▶ [Problem to solve] Scan the records below and report how many lines include the string "kerM"; the number alone will do.

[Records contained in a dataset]
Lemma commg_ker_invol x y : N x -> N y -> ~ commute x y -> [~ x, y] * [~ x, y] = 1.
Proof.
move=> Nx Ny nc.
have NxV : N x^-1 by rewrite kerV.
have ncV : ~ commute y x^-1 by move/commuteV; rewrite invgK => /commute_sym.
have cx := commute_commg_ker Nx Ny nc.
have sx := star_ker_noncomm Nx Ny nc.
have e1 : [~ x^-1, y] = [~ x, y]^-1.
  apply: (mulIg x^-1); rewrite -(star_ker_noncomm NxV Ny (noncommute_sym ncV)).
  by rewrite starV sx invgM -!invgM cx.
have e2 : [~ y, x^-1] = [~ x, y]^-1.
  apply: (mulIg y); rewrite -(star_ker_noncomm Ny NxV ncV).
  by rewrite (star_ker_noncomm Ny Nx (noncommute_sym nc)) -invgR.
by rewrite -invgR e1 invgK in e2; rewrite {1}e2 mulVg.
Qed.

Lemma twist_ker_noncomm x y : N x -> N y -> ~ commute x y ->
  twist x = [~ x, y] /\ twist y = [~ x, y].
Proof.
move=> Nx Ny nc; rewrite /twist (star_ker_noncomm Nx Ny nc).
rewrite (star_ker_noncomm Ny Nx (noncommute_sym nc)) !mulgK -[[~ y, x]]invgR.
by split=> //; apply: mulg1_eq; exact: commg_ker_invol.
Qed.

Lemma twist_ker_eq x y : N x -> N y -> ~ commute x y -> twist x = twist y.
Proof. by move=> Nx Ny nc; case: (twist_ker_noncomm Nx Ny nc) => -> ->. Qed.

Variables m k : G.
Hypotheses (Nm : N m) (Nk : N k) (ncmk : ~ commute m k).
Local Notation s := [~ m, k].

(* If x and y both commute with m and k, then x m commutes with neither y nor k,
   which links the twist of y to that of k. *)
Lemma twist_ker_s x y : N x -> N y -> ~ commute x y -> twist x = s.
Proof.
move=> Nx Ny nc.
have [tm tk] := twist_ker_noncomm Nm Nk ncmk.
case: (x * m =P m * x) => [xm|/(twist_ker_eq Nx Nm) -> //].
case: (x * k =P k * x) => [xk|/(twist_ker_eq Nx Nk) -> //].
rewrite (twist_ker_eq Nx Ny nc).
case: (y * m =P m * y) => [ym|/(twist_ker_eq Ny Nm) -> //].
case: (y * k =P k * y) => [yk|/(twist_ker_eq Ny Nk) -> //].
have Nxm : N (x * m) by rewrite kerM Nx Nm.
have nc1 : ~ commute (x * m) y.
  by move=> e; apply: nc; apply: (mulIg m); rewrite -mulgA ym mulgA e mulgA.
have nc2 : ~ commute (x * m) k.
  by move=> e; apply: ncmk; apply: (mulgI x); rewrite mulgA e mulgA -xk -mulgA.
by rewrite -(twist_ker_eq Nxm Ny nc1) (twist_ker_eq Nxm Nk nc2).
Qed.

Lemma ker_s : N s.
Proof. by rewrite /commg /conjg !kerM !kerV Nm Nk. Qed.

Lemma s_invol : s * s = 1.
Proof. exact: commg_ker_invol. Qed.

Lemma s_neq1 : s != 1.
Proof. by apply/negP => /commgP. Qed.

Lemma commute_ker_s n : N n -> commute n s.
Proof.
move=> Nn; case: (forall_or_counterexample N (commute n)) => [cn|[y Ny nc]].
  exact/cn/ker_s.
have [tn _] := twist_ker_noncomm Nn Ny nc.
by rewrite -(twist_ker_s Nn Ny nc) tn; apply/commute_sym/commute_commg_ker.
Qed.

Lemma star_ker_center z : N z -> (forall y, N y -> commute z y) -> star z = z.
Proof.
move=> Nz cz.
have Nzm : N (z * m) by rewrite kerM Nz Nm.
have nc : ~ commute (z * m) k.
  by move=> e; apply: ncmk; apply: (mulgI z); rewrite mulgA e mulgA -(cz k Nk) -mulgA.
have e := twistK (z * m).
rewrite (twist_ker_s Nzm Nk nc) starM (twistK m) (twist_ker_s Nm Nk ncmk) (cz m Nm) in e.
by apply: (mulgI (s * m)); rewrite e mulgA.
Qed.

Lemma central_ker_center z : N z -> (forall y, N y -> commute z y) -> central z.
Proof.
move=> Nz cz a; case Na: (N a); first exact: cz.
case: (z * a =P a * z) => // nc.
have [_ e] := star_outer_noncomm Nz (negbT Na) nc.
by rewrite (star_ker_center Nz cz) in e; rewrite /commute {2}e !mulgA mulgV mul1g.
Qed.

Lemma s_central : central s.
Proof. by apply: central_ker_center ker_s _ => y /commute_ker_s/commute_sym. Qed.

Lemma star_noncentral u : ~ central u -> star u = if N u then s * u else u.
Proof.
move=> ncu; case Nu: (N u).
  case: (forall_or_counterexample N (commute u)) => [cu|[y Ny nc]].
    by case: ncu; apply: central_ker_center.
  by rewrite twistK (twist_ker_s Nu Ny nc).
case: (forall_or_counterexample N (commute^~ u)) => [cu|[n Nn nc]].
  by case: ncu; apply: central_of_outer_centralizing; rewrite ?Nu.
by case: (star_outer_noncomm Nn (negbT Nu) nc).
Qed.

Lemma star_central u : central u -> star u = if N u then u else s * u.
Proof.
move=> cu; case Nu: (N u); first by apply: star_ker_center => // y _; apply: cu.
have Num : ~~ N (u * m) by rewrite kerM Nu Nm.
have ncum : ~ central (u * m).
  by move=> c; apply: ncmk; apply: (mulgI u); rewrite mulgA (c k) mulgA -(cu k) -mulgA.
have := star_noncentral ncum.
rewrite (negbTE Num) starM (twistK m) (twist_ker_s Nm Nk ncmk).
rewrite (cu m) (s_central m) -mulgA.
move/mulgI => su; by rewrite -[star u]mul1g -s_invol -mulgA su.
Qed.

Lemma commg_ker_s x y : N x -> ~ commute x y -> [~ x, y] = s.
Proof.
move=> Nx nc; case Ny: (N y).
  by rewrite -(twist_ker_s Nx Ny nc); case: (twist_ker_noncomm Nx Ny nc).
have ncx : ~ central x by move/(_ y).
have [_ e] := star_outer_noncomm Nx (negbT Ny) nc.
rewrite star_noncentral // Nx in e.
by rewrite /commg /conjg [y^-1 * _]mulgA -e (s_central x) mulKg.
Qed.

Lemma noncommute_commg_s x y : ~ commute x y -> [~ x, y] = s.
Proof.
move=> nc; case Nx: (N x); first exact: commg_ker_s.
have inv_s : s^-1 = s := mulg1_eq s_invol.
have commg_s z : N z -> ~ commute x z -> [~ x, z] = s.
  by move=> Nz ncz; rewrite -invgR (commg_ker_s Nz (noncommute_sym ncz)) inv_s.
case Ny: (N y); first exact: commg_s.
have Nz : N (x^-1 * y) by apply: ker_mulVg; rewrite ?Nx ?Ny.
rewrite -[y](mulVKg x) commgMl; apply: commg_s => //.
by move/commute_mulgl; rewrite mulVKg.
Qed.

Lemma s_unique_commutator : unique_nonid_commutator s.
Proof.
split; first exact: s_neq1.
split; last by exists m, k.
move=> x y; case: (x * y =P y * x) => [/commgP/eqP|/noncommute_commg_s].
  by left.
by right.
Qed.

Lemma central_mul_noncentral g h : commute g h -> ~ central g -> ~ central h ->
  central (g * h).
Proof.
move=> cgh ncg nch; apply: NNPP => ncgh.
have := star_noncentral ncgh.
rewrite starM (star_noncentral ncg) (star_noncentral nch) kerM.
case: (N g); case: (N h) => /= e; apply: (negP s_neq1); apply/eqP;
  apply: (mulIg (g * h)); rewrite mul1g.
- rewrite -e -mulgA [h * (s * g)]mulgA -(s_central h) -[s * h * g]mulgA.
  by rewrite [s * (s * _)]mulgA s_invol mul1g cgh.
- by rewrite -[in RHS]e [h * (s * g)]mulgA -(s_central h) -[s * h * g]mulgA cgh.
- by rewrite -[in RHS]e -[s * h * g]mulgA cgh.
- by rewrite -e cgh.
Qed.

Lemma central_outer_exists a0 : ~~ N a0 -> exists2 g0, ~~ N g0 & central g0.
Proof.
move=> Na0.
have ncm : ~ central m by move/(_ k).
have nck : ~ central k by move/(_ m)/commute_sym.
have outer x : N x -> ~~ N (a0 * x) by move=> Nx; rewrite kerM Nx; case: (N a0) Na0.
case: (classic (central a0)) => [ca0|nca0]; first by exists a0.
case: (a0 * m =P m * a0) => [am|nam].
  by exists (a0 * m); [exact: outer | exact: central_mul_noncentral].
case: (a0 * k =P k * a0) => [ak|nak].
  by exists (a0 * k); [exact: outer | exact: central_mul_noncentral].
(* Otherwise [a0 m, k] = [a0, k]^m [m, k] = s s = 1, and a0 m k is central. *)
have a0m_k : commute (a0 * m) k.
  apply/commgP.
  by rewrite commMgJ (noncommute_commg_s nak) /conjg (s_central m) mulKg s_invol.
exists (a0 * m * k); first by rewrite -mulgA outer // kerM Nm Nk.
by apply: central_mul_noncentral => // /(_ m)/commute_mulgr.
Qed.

▶ [Worked solution] 7